Just in time for the Westminster Kennel Club Dog Show when all of New York City goes to the dogs, New York University’s Fales Collection will open “The Dog Show: Canines in English and American Literature,” an exhibition of over 75 first editions, manuscripts and other archival records of the “literary dog” wherever he is found. The show, which opens on February 13, 2002, and will be on display through April 26, is on exhibit at the NYU Fales Collection, 3rd floor of the NYU Bobst Library 70 Washington Square South. It is free and open to the public; for further information call 212/998-2596.
Mankind’s oldest lasting relationship outside his own species and perhaps even within it is with his dog. Dogs are there beside us, woven into the fabric of our history and culture more often than we are aware. A quick glance at our favorite literature shows that dogs turn up everywhere. From Odysseus’s faithful hound Argos in The Odyssey to the sheepdogs of the Book of Job to The Canterbury Tales, Shakespeare, and Dickens, over and over again, a dog is therewith something significant to say.

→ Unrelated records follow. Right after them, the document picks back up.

Lemma ball_iff K f : ball K f = true <-> forall k, k < K -> f k = true.
Proof.
  induction K; simpl.
  - split; auto; intros; lia.
  - rewrite andb_true_iff, IHK. split.
    + intros [H1 H2] k Hk. destruct (Nat.eq_dec k K) as [->|]; auto. apply H1; lia.
    + intros H; split; auto.
Qed.

Lemma bex_ext K f g : (forall k, k < K -> f k = g k) -> bex K f = bex K g.
Proof. induction K; simpl; intros H; auto. rewrite IHK, H; auto. Qed.

Lemma ball_false K f : ball K f = false -> exists k, k < K /\ f k = false.
Proof.
  induction K as [|K IH]; simpl; [discriminate|]. rewrite andb_false_iff.
  intros [H | H]; [destruct (IH H) as [k [Hk Hf]]; exists k | exists K]; split; auto; lia.
Qed.

Lemma bsum_lt_strict K f g : (forall k, k < K -> f k <= g k) ->
  (exists k, k < K /\ f k < g k) -> bsum K f < bsum K g.
Proof.
  induction K as [|K IH]; intros Hle [k [Hk Hlt]]; [lia|]. cbn [bsum].
  assert (Hsum : bsum K f <= bsum K g).
  { clear - Hle. induction K; cbn [bsum]; auto.
    pose proof (Hle K ltac:(lia)). enough (bsum K f <= bsum K g) by lia.
    apply IHK. intros; apply Hle; lia. }
  pose proof (Hle K ltac:(lia)).
  destruct (Nat.eq_dec k K) as [->|]; [lia|].
  enough (bsum K f < bsum K g) by lia.
  apply IH; [intros; apply Hle; lia | exists k; split; auto; lia].
Qed.

Lemma leb_1_bsum K f : (1 <=? bsum K (fun k => Nat.b2n (f k))) = bex K f.
Proof.
  induction K as [|K IH]; simpl; auto. rewrite <- IH.
  destruct (f K); simpl.
  - rewrite Nat.add_1_r, orb_true_r. now destruct bsum.
  - now rewrite Nat.add_0_r, orb_false_r.
Qed.

Fixpoint ENum (c : nat) : exp := match c with 0 => EZero | S c => ESucc (ENum c) end.
Definition EAdd a b := ERec a b (ESucc (EVar 1)).
Definition EPred a := ERec a EZero (EVar 0).
Definition ESub a b := ERec b a (EPred (EVar 1)).
Definition EMul a b := ERec a EZero (EAdd (EVar 1) (shift 2 b)).
Definition EIter cnt init stp := ERec cnt init (lift 0 1 stp).
Definition ESum bnd body := ERec bnd EZero (EAdd (EVar 1) (lift 1 1 body)).
Definition ELe a b := ESub (ENum 1) (ESub a b).
Definition ENot a := ESub (ENum 1) a.
Definition EAnd a b := EMul a b.
Definition EOr a b := ELe (ENum 1) (EAdd a b).
Definition EImp a b := EOr (ENot a) b.
Definition EEq a b := EAnd (ELe a b) (ELe b a).
Definition EEx bnd body := ELe (ENum 1) (ESum bnd body).
Definition EAll bnd body := ENot (EEx bnd (ENot body)).
Definition EPow2 a := EIter a (ENum 1) (EAdd (EVar 0) (EVar 0)).
Definition EDiv x d := ESum x (ELe (EMul (ESucc (EVar 0)) (shift 1 d)) (shift 1 x)).
Definition EMod2 y := ESub y (EMul (ENum 2) (EDiv y (ENum 2))).
Definition EBit x i := EMod2 (EDiv x (EPow2 i)).
Definition EPair a b := EAdd (EDiv (EMul (EAdd a b) (ESucc (EAdd a b))) (ENum 2)) b.

Lemma denote_ENum env c : denote env (ENum c) = c.
Proof. induction c; simpl; auto. Qed.

Lemma denote_ESucc env a x : denote env a = x -> denote env (ESucc a) = S x.
Proof. simpl; auto. Qed.

Lemma denote_EAdd env a b x y :
  denote env a = x -> denote env b = y -> denote env (EAdd a b) = x + y.
Proof. intros <- <-. simpl. induction (denote env a); simpl; auto. Qed.

Lemma denote_EPred env a x : denote env a = x -> denote env (EPred a) = pred x.
Proof. intros <-. simpl. now destruct (denote env a). Qed.

Lemma denote_ESub env a b x y :
  denote env a = x -> denote env b = y -> denote env (ESub a b) = x - y.
Proof.
  intros <- <-. simpl. induction (denote env b) as [|m IH]; simpl; [lia|].
  rewrite IH. destruct (denote env a - m) eqn:E; simpl; lia.
Qed.

Lemma denote_EMul env a b x y :
  denote env a = x -> denote env b = y -> denote env (EMul a b) = x * y.
Proof.
  intros <- Hb. unfold EMul; cbn [denote].
  induction (denote env a) as [|m IH]; cbn [prim_rec]; auto.
  erewrite denote_EAdd; [| reflexivity | apply (denote_shift [m; _] env); exact Hb].
  rewrite IH. cbn [denote nth]. lia.
Qed.

Lemma denote_EIter env cnt init stp C I (f : nat -> nat) :
  denote env cnt = C -> denote env init = I -> (forall r, denote (r :: env) stp = f r) ->
  denote env (EIter cnt init stp) = Nat.iter C f I.
Proof.
  intros <- <- Hf. simpl. induction (denote env cnt) as [|m IH]; simpl; auto.
  rewrite <- Hf, <- IH. apply (denote_lift stp [] [m]).
Qed.

Lemma denote_ESum env bnd body B f :
  denote env bnd = B -> (forall k, denote (k :: env) body = f k) ->
  denote env (ESum bnd body) = bsum B f.
Proof.
  intros <- Hf. unfold ESum; cbn [denote].
  induction (denote env bnd) as [|m IH]; cbn [prim_rec]; auto.
  erewrite denote_EAdd; [| reflexivity | apply (denote_lift body [m] [_] env)].
  rewrite IH. cbn [denote nth app bsum]. now rewrite Hf.
Qed.

Lemma denote_ELe env a b x y : denote env a = x -> denote env b = y ->
  denote env (ELe a b) = Nat.b2n (x <=? y).
Proof.
  intros Ha Hb. unfold ELe. erewrite denote_ESub; [| apply denote_ENum | apply denote_ESub; eauto].
  destruct (Nat.leb_spec x y); cbn [Nat.b2n]; lia.
Qed.

Lemma denote_ENot env a p : denote env a = Nat.b2n p -> denote env (ENot a) = Nat.b2n (negb p).
Proof.
  intros Ha. unfold ENot. erewrite denote_ESub; [| apply denote_ENum | eauto].
  now destruct p.
Qed.

Lemma denote_EAnd env a b p q : denote env a = Nat.b2n p -> denote env b = Nat.b2n q ->
  denote env (EAnd a b) = Nat.b2n (p && q).
Proof. intros Ha Hb. unfold EAnd. erewrite denote_EMul; eauto. now destruct p, q. Qed.

Lemma denote_EOr env a b p q : denote env a = Nat.b2n p -> denote env b = Nat.b2n q ->
  denote env (EOr a b) = Nat.b2n (p || q).
Proof.
  intros Ha Hb. unfold EOr. erewrite denote_ELe; [| apply denote_ENum | apply denote_EAdd; eauto].
  now destruct p, q.
Qed.

Lemma denote_EImp env a b p q : denote env a = Nat.b2n p -> denote env b = Nat.b2n q ->
  denote env (EImp a b) = Nat.b2n (implb p q).
Proof.
  intros Ha Hb. unfold EImp. erewrite denote_EOr; [| apply denote_ENot; eauto | eauto].
  now destruct p, q.
Qed.

Lemma denote_EEq env a b x y : denote env a = x -> denote env b = y ->
  denote env (EEq a b) = Nat.b2n (x =? y).
Proof.
  intros Ha Hb. unfold EEq.
  erewrite denote_EAnd; [| apply denote_ELe; eauto | apply denote_ELe; eauto].
  f_equal. destruct (Nat.leb_spec x y), (Nat.leb_spec y x), (Nat.eqb_spec x y); simpl; auto; lia.
Qed.

Lemma denote_EEx env bnd body B f : denote env bnd = B ->
  (forall k, denote (k :: env) body = Nat.b2n (f k)) ->
  denote env (EEx bnd body) = Nat.b2n (bex B f).
Proof.
  intros Hb Hf. unfold EEx. erewrite denote_ELe;
    [| apply denote_ENum | apply denote_ESum with (f := fun k => Nat.b2n (f k)); auto].
  now rewrite leb_1_bsum, Hb.
Qed.

Lemma denote_EAll env bnd body B f : denote env bnd = B ->
  (forall k, denote (k :: env) body = Nat.b2n (f k)) ->
  denote env (EAll bnd body) = Nat.b2n (ball B f).
Proof.
  intros Hb Hf. unfold EAll. erewrite denote_ENot.
  2: { apply (denote_EEx env bnd _ B (fun k => negb (f k))); auto.
       intros k. now apply denote_ENot. }
  f_equal. clear. induction B; simpl; auto.
  now rewrite negb_orb, IHB, negb_involutive.
Qed.

Lemma denote_EPow2 env a x : denote env a = x -> denote env (EPow2 a) = 2 ^ x.
Proof.
  intros Ha. unfold EPow2. rewrite (denote_EIter env a _ _ x 1 (fun r => r + r));
    [| auto | apply denote_ENum | intros r; now apply denote_EAdd].
  clear Ha. induction x; simpl; auto. rewrite IHx. lia.
Qed.

Lemma bsum_lt K q : bsum K (fun k => Nat.b2n (k <? q)) = Nat.min K q.
Proof.
  induction K; cbn [bsum]; auto.
  rewrite IHK. destruct (Nat.ltb_spec K q); cbn [Nat.b2n]; lia.
Qed.

(* [x / d] is the number of [k < x] with [(k + 1) * d <= x]. *)
Lemma denote_EDiv env x d X D : denote env x = X -> denote env d = D -> 0 < D ->
  denote env (EDiv x d) = X / D.
Proof.
  intros Hx Hd HD. unfold EDiv.
  rewrite (denote_ESum env x _ X (fun k => Nat.b2n (S k * D <=? X))); auto.
  - rewrite (bsum_ext X _ (fun k => Nat.b2n (k <? X / D))), bsum_lt.
    + enough (X / D <= X) by lia. apply Nat.Div0.div_le_upper_bound. nia.
    + intros k _. f_equal. apply eq_true_iff_eq.
      rewrite Nat.leb_le, Nat.ltb_lt, <- Nat.le_succ_l. split; intros H.
      * apply Nat.div_le_lower_bound; lia.
      * pose proof (Nat.Div0.mul_div_le X D). nia.
  - intros k. apply denote_ELe.
    + apply denote_EMul; [reflexivity | now apply (denote_shift [k])].
    + now apply (denote_shift [k]).
Qed.

Lemma denote_EMod2 env y Y : denote env y = Y -> denote env (EMod2 y) = Y mod 2.
Proof.
  intros Hy. unfold EMod2. rewrite (denote_ESub env _ _ Y (2 * (Y / 2))); auto.
  - pose proof (Nat.div_mod_eq Y 2). lia.
  - apply denote_EMul; [apply denote_ENum | apply denote_EDiv; auto; apply denote_ENum].
Qed.

Lemma denote_EBit env x i X I : denote env x = X -> denote env i = I ->
  denote env (EBit x i) = Nat.b2n (Nat.testbit X I).
Proof.
  intros Hx Hi. rewrite Nat.testbit_spec'. apply denote_EMod2, denote_EDiv; auto.
  - now apply denote_EPow2.
  - apply Nat.neq_0_lt_0, Nat.pow_nonzero. discriminate.
Qed.

Lemma denote_EPair env a b x y : denote env a = x -> denote env b = y ->
  denote env (EPair a b) = pair x y.
Proof.
  intros Ha Hb. unfold EPair, pair. apply denote_EAdd; auto. rewrite Nat.add_1_r.
  apply denote_EDiv; [| apply denote_ENum | lia].
  apply denote_EMul; [| apply denote_ESucc]; now apply denote_EAdd.
Qed.

(* Each combinator registers its denotation lemma here, so that [denote_solve] proves the
   denotation of a compound expression by following its syntax. *)
Create HintDb denote discriminated.
#[export] Hint Extern 1 (denote _ (EVar _) = _) => reflexivity : denote.
#[export] Hint Extern 1 (denote ?env (shift ?n _) = _) =>
  apply (denote_shift (firstn n env) (skipn n env)) : denote.
#[export] Hint Extern 1 (denote _ EZero = _) => reflexivity : denote.
#[export] Hint Extern 1 (denote _ (ENum _) = _) => apply denote_ENum : denote.
#[export] Hint Extern 1 (denote _ (ESucc _) = _) => apply denote_ESucc : denote.
#[export] Hint Extern 1 (denote _ (EPred _) = _) => apply denote_EPred : denote.
#[export] Hint Extern 1 (denote _ (EMul _ _) = _) => apply denote_EMul : denote.
#[export] Hint Extern 1 (denote _ (ESum _ _) = _) => apply denote_ESum : denote.
#[export] Hint Extern 1 (denote _ (EIter _ _ _) = _) => apply denote_EIter : denote.
#[export] Hint Extern 1 (denote _ (ENot _) = _) => apply denote_ENot : denote.
#[export] Hint Extern 1 (denote _ (EAnd _ _) = _) => apply denote_EAnd : denote.
#[export] Hint Extern 1 (denote _ (EOr _ _) = _) => apply denote_EOr : denote.
#[export] Hint Extern 1 (denote _ (EImp _ _) = _) => apply denote_EImp : denote.
#[export] Hint Extern 1 (denote _ (EEq _ _) = _) => apply denote_EEq : denote.
#[export] Hint Extern 1 (denote _ (EEx _ _) = _) => apply denote_EEx : denote.
#[export] Hint Extern 1 (denote _ (EAll _ _) = _) => apply denote_EAll : denote.
#[export] Hint Extern 1 (denote _ (EPow2 _) = _) => apply denote_EPow2 : denote.
#[export] Hint Extern 1 (denote _ (EBit _ _) = _) => apply denote_EBit : denote.
#[export] Hint Extern 1 (denote _ (EPair _ _) = _) => apply denote_EPair : denote.

Ltac denote_solve := solve [auto 200 with denote nocore].

(** * Cantor pairing, bit masks and codes of lists *)

Definition tri (s : nat) : nat := s * (s + 1) / 2.

Lemma tri_S s : tri (S s) = tri s + S s.
Proof.
  unfold tri. replace (S s * (S s + 1)) with (s * (s + 1) + S s * 2) by lia.
  now rewrite Nat.div_add.
Qed.

Lemma tri_lt s s' : s < s' -> tri s + s < tri s'.
Proof. induction 1; rewrite tri_S; lia. Qed.

Lemma tri_le s s' : s <= s' -> tri s <= tri s'.
Proof. induction 1; [| rewrite tri_S]; lia. Qed.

Young adult literature, of course, is full of dogs: White Fang, Buck, Lassie, Old Yeller, Lad, Big Red, to name just a few. But dog heroes appear in adult-oriented works as well: J.R. Ackerley’s My Dog Tulip, Virginia Woolf’s Flush, the many works of Rudyard Kipling and James Thurber, and on and on. And many other writers kept their relationships with their dogs more private; these include Eugene O’Neill, Sir Walter Scott, Lord Byron, Edith Wharton, Elizabeth Barrett Browning, E.B. White and Dorothy Parker, just to name a few famous authors who had deep and poignant relationships with their dogs.
“The Dog Show” draws on the extensive holdings of English and American fiction in NYU’s Fales Collection, charting the ever-present literary dog. From Greek papyri to early printed books to Chaucer, Shakespeare, Dickens and into the modern period, the dog is as common in the history of literature as he is steadfast at his master’s feet.
The NYU Fales Collection currently holds over 200,000 volumes of English and American literature and over 5,000 linear feet of archives. This exhibition is curated by Wendy Anthony.